Yuk-Ming Dennis Lo

The Chinese University of Hong Kong


Primary Section: 41, Medical Genetics, Hematology, and Oncology
Membership Type:
International Member (elected 2013)

Biosketch

Dennis Lo is the Director of the Li Ka Shing Institute of Health Sciences, the Li Ka Shing Professor of Medicine and Professor of Chemical Pathology of The Chinese University of Hong Kong. He is a chemical pathologist with an interest in molecular pathology and molecular diagnostics. He is known particularly for his discovery of cell-free fetal DNA in maternal plasma in 1997 and in pushing forward noninvasive prenatal testing using this technology. He was born in Hong Kong and finished his school education in the city. He received his undergraduate education from the University of Cambridge and obtained his medical and doctorate degrees from the University of Oxford. He was on the faculty of the University of Oxford Clinical School from 1994 to 1997. He returned to Hong Kong in 1997 and currently serves as the chair of the Department of Chemical Pathology and the Associate Dean (Research) of the Faculty of Medicine.

Research Interests

Dennis Lo has demonstrated the presence of fetal DNA, RNA and miRNA in the plasma of pregnant women. He has elucidated the fundamental biological properties of fetal nucleic acids in maternal plasma, including their concentrations, gestational age-related variations and quantitative aberrations in pregnancy-associated disorders. He has pioneered the use of massively parallel DNA sequencing in the analysis of fetal nucleic acids in maternal plasma. In particular, he has achieved the robust detection of fetal chromosomal aneuploidies, e.g. Down syndrome, from maternal plasma and conducted the first large-scale validation of this approach. This technology is currently in use in over 15 countries around the world.

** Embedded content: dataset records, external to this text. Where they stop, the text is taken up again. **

Lemma bl_abs_ge0 x : 0 ⊑ bl_abs L x.
Proof.
rewrite -(scale_half_double (bl_abs L x)); apply: bl_le_scale; first by rewrite invr_ge0.
by rewrite -(subrr x); apply: bl_leD.
Qed.

Lemma bl_abs_id x : 0 ⊑ x -> bl_abs L x = x.
Proof.
move=> x0; rewrite /bl_abs bl_joinC bl_join_r //.
by apply: (bl_le_trans _ x0); rewrite -oppr0 bl_leN2.
Qed.

Lemma norm_bl_abs x : `|bl_abs L x| = `|x|.
Proof.
have absK : bl_abs L (bl_abs L x) = bl_abs L x := bl_abs_id (bl_abs_ge0 x).
by apply/eqP; rewrite eq_le !(@bl_norm_mono _ _ L) // -/(bl_abs L _) absK.
Qed.

Lemma bl_norm_le x y : 0 ⊑ x -> x ⊑ y -> `|x| <= `|y|.
Proof.
move=> x0 xy; apply: (@bl_norm_mono _ _ L).
change (bl_abs L x ⊑ bl_abs L y).
by rewrite !bl_abs_id //; apply: bl_le_trans xy.
Qed.

Lemma norm_bl_pos_le x : `|bl_pos x| <= `|x|.
Proof.
rewrite -(norm_bl_abs x); apply: bl_norm_le; first exact: bl_pos_ge0.
by apply: bl_join_lub; [apply: bl_abs_ge|apply: bl_abs_ge0].
Qed.

Lemma norm_bl_neg_le x : `|bl_neg x| <= `|x|.
Proof. by rewrite -(normrN x) norm_bl_pos_le. Qed.

Lemma bl_norm_interval_le a b x : a ⊑ x -> x ⊑ b -> `|x| <= `|bl_abs L a + bl_abs L b|.
Proof.
move=> ax xb; rewrite -(norm_bl_abs x); apply: bl_norm_le; first exact: bl_abs_ge0.
apply: bl_join_lub; [apply: bl_le_trans xb _|apply: bl_le_trans (_ : - x ⊑ - a) _].
- by rewrite -[X in X ⊑ _]add0r; apply: bl_leD => //; apply: bl_abs_ge0.
- by rewrite bl_leN2.
- by rewrite -[X in X ⊑ _]addr0; apply: bl_leD => //; apply: bl_abs_ge0.
Qed.

Lemma bl_riesz_decomposition y x1 x2 : 0 ⊑ x1 -> 0 ⊑ x2 -> 0 ⊑ y -> y ⊑ x1 + x2 ->
  exists y1 y2, [/\ y = y1 + y2, 0 ⊑ y1, y1 ⊑ x1, 0 ⊑ y2 & y2 ⊑ x2].
Proof.
move=> x10 x20 y0 yx; exists (bl_meet L y x1), (y - bl_meet L y x1); split.
- by rewrite addrC subrK.
- exact: bl_meet_glb.
- exact: bl_meet_lbr.
- by apply/bl_subr_ge0; apply: bl_meet_lbl.
rewrite /bl_meet opprK addrC bl_joinDl addNr bl_joinC.
apply: bl_join_lub => //; rewrite -bl_subr_ge0 opprD opprK addrA addrC.
by rewrite (addrC x2) addrC bl_subr_ge0.
Qed.

Lemma bl_ge_closed a : closed [set x : V | a ⊑ x].
Proof.
move=> x clx; apply/bl_subr_ge0/bl_neg_eq0.
have [//|nz] := eqVneq (bl_neg (x - a)) 0; exfalso.
have e_gt0 : 0 < `|bl_neg (x - a)| by rewrite normr_gt0.
have [c /= [ac]] := clx _ (nbhsx_ballx x _ e_gt0).
rewrite -ball_normE /= => xc.
have ca : bl_neg (x - a) ⊑ bl_neg (x - c).
  have ac0 : bl_pos (a - c) = 0.
    by apply: bl_join_r; rewrite -bl_subr_ge0 sub0r opprB bl_subr_ge0.
  have := bl_posD_le (a - c) (c - x); rewrite addrA subrK ac0 add0r.
  by rewrite /bl_neg !opprB.
have := le_lt_trans (le_trans (bl_norm_le (bl_neg_ge0 _) ca) (norm_bl_neg_le _)) xc.
by rewrite ltxx.
Qed.

End BanachLatticeTheory.

#[local] Hint Resolve bl_le_refl bl_join_ubl bl_join_ubr bl_pos_ge0 bl_neg_ge0 : core.

(** * Hahn-Banach extension *)

Section HahnBanach.
Context {R : realType} {V : lmodType R} (p : V -> R).
Hypothesis p_subadd : forall x y, p (x + y) <= p x + p y.
Hypothesis p_posZ : forall (a : R) x, 0 <= a -> p (a *: x) = a * p x.

Definition linear_subspace (D : set V) :=
  [/\ D 0, forall x y, D x -> D y -> D (x + y) & forall (a : R) x, D x -> D (a *: x)].

Definition dominated_on (D : set V) (g : V -> R) :=
  [/\ linear_subspace D,
      forall x y, D x -> D y -> g (x + y) = g x + g y,
      forall (a : R) x, D x -> g (a *: x) = a * g x
    & forall x, D x -> g x <= p x].

Definition line_ext (D : set V) x := [set y + t *: x | y in D & t in [set: R]].

Lemma line_ext_uniq (D : set V) x y y' (t t' : R) : linear_subspace D -> ~ D x ->
  D y -> D y' -> y + t *: x = y' + t' *: x -> y = y' /\ t = t'.
Proof.
move=> [_ Dadd DZ] Dx Dy Dy' e.
suff tt' : t = t' by split=> //; subst t'; apply: addIr e.
apply/eqP; apply: contra_notT Dx => tt'.
have -> : x = (t - t')^-1 *: (y' - y).
  rewrite -(scalerK (_ : t - t' != 0) x) ?subr_eq0 //; congr (_ *: _).
  by rewrite scalerBl -[t *: x](addKr y) e addrA addrK addrC.
by apply/DZ/Dadd => //; rewrite -scaleN1r; apply: DZ.
Qed.

Lemma dominated_line_ext D g x (a : R) : dominated_on D g -> ~ D x ->
  (forall y (t : R), D y -> g y + t * a <= p (y + t *: x)) ->
  exists g', [/\ dominated_on (line_ext D x) g', (forall y, D y -> g' y = g y) & g' x = a].
Proof.
move=> [[D0 Dadd DZ] gD gZ gp] Dx ga.
pose dec w := xget (0 : V, 0 : R) [set yt | D yt.1 /\ w = yt.1 + yt.2 *: x].
have decE y t : D y -> dec (y + t *: x) = (y, t).
  move=> Dy; have : [set yt | D yt.1 /\ y + t *: x = yt.1 + yt.2 *: x] (dec (y + t *: x)).
    by apply: xgetPex; exists (y, t).
  case: (dec _) => y' t' /= [Dy' e].
  by have [-> ->] := line_ext_uniq (And3 D0 Dadd DZ) Dx Dy Dy' e.
pose g' w := g (dec w).1 + (dec w).2 * a.
have g'E y t : D y -> g' (y + t *: x) = g y + t * a by move=> Dy; rewrite /g' decE.
have g0 : g 0 = 0 by rewrite -(scale0r 0) gZ ?mul0r.
exists g'; split; first split.
- split.
  + by exists 0 => //; exists 0 => //; rewrite scale0r addr0.
  + move=> _ _ [y1 Dy1 [t1 _ <-]] [y2 Dy2 [t2 _ <-]].
    by exists (y1 + y2); [exact: Dadd|exists (t1 + t2); rewrite // scalerDl addrACA].
  + move=> b _ [y Dy [t _ <-]].
    by exists (b *: y); [exact: DZ|exists (b * t); rewrite // scalerDr scalerA].
- move=> _ _ [y1 Dy1 [t1 _ <-]] [y2 Dy2 [t2 _ <-]].
  have Dy := Dadd _ _ Dy1 Dy2.
  by rewrite addrACA -scalerDl !g'E ?gD // mulrDl addrACA.
- move=> b _ [y Dy [t _ <-]].
  have Dby := DZ b _ Dy.
  by rewrite scalerDr scalerA !g'E ?gZ // mulrDr mulrA.
- by move=> _ [y Dy [t _ <-]]; rewrite g'E //; apply: ga.
- by move=> y Dy; have := g'E y 0 Dy; rewrite scale0r mul0r !addr0.
- by have := g'E 0 1 D0; rewrite scale1r add0r g0 mul1r add0r.
Qed.

(* Any value between sup_y (g y - p (y - x)) and inf_z (p (z + x) - g z) works;
   the sup is taken. *)
Lemma dominated_line_value D g x : dominated_on D g ->
  exists a : R, forall y (t : R), D y -> g y + t * a <= p (y + t *: x).
Proof.
move=> [[D0 Dadd DZ] gD gZ gp].
have gVZ (s : R) y : 0 < s -> D y -> s * g (s^-1 *: y) = g y.
  by move=> s_gt0 Dy; rewrite gZ // mulrA divff ?gt_eqF // mul1r.
have pVZ (s : R) y z : 0 < s -> s * p (s^-1 *: y + z) = p (y + s *: z).
  by move=> s_gt0; rewrite -p_posZ ?ltW // scalerDr scalerA divff ?gt_eqF // scale1r.
pose lo := [set g y - p (y - x) | y in D].
have lo_hi y z : D y -> D z -> g y - p (y - x) <= p (z + x) - g z.
  move=> Dy Dz; have := gp _ (Dadd _ _ Dy Dz); rewrite gD //.
  have := p_subadd (y - x) (z + x); rewrite addrACA addNr addr0; lra.
have lo_ub : has_ubound lo by exists (p (0 + x) - g 0) => _ [y Dy <-]; apply: lo_hi.
have lo_n0 : lo !=set0 by exists (g 0 - p (0 - x)), 0.
exists (sup lo) => y t Dy.
have [t_lt0|t_gt0|->] := ltrgtP t 0; last by rewrite mul0r scale0r !addr0 gp.
- have s_gt0 : 0 < - t by rewrite oppr_gt0.
  have : g ((- t)^-1 *: y) - p ((- t)^-1 *: y - x) <= sup lo.
    by apply: ub_le_sup => //; exists ((- t)^-1 *: y) => //; apply: DZ.
  by rewrite -(ler_pM2l s_gt0) mulrBr gVZ // pVZ // scaleNr scalerN opprK; lra.
- have : sup lo <= p (t^-1 *: y + x) - g (t^-1 *: y).
    by apply: ge_sup => // _ [z Dz <-]; apply: lo_hi => //; apply: DZ.
  by rewrite -(ler_pM2l t_gt0) mulrBr gVZ // pVZ //; lra.
Qed.

Definition ext_le (s t : set V * (V -> R)) :=
  s.1 `<=` t.1 /\ forall x, s.1 x -> t.2 x = s.2 x.

Section MaximalExtension.
Variables (D0 : set V) (g0 : V -> R).
Hypothesis g0_dom : dominated_on D0 g0.

Definition dominated_ext :=
  {s : set V * (V -> R) | dominated_on s.1 s.2 /\ ext_le (D0, g0) s}.

Definition dominated_ext_le : rel dominated_ext :=
  fun s t => `[< ext_le (sval s) (sval t) >].

Let base : dominated_ext :=
  exist _ (D0, g0) (conj g0_dom (conj (@subset_refl _ D0) (fun=> fun=> erefl))).

Lemma dominated_ext_chain_ub (A : set dominated_ext) : total_on A dominated_ext_le ->
  exists t, forall s, A s -> dominated_ext_le s t.
Proof.
move=> Atot; have [[a Aa]|noA] := pselect (exists a, A a); last first.
  by exists base => s As; case: noA; exists s.
have join s1 s2 : A s1 -> A s2 ->
    exists2 s, A s & (sval s1).1 `<=` (sval s).1 /\ (sval s2).1 `<=` (sval s).1.
  move=> A1 A2; have [/asboolP[s12 _]|/asboolP[s21 _]] := Atot s1 s2 A1 A2.
  - by exists s2 => //; split.
  - by exists s1 => //; split.
pose DU x := exists s, A s /\ (sval s).1 x.
pose gU x := if pselect (DU x) is left h then (sval (projT1 (cid h))).2 x else 0.
have gUE s x : A s -> (sval s).1 x -> gU x = (sval s).2 x.
  move=> As Dx; rewrite /gU; case: pselect => [h|]; last by case; exists s.
  case: (cid h) => s' /= [As' Dx'].
  by have [/asboolP[_ ->]|/asboolP[_ ->]] := Atot s s' As As'.
have [[[Da0 _ _] _ _ _] [D0a ga]] := svalP a.
have UD : dominated_on DU gU.
  split; first split.
  - by exists a.
  - move=> x y [s1 [A1 D1]] [s2 [A2 D2]]; have [s As [s1s s2s]] := join _ _ A1 A2.
    have [[[_ Dadd _] _ _ _] _] := svalP s.
    by exists s; split => //; apply: Dadd; [apply: s1s|apply: s2s].
  - move=> b x [s [As Dx]]; have [[[_ _ DZ] _ _ _] _] := svalP s.
    by exists s; split => //; apply: DZ.
  - move=> x y [s1 [A1 D1]] [s2 [A2 D2]]; have [s As [s1s s2s]] := join _ _ A1 A2.
    have [[[_ Dadd _] gD _ _] _] := svalP s.
    have [Dx Dy] := (s1s _ D1, s2s _ D2).
    by rewrite !(gUE s) ?gD //; apply: Dadd.
  - move=> b x [s [As Dx]]; have [[[_ _ DZ] _ gZ _] _] := svalP s.
    by rewrite !(gUE s) ?gZ //; apply: DZ.
  - by move=> x [s [As Dx]]; have [[_ _ _ gp] _] := svalP s; rewrite (gUE s) ?gp.
have Ubase : ext_le (D0, g0) (DU, gU).
  split=> [x D0x|x D0x /=]; first by exists a; split; last apply: D0a.
  by rewrite (gUE a) ?ga //; apply: D0a.
exists (exist _ (DU, gU) (conj UD Ubase)) => s As; apply/asboolP.
by split=> [x Dx|x Dx /=]; [exists s|rewrite (gUE s)].
Qed.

He was the first to report approaches for sequencing the fetal genome and fetal methylome from maternal plasma. In parallel to his work on noninvasive prenatal testing, Dennis Lo has also worked on the detection of cancer using plasma nucleic acids. In particular, he has developed a robust test for nasopharyngeal carcinoma through the detection of plasma Epstein-Barr virus DNA sequences. This test is now in use in many centers around the world and represent one of the most sensitive and specific molecular markers for a solid cancer. He has recently achieved the noninvasive profiling of tumor genomes and methylomes using genomewide plasma DNA sequencing. This latter approach has the potential to become a universal test for multiple cancer types.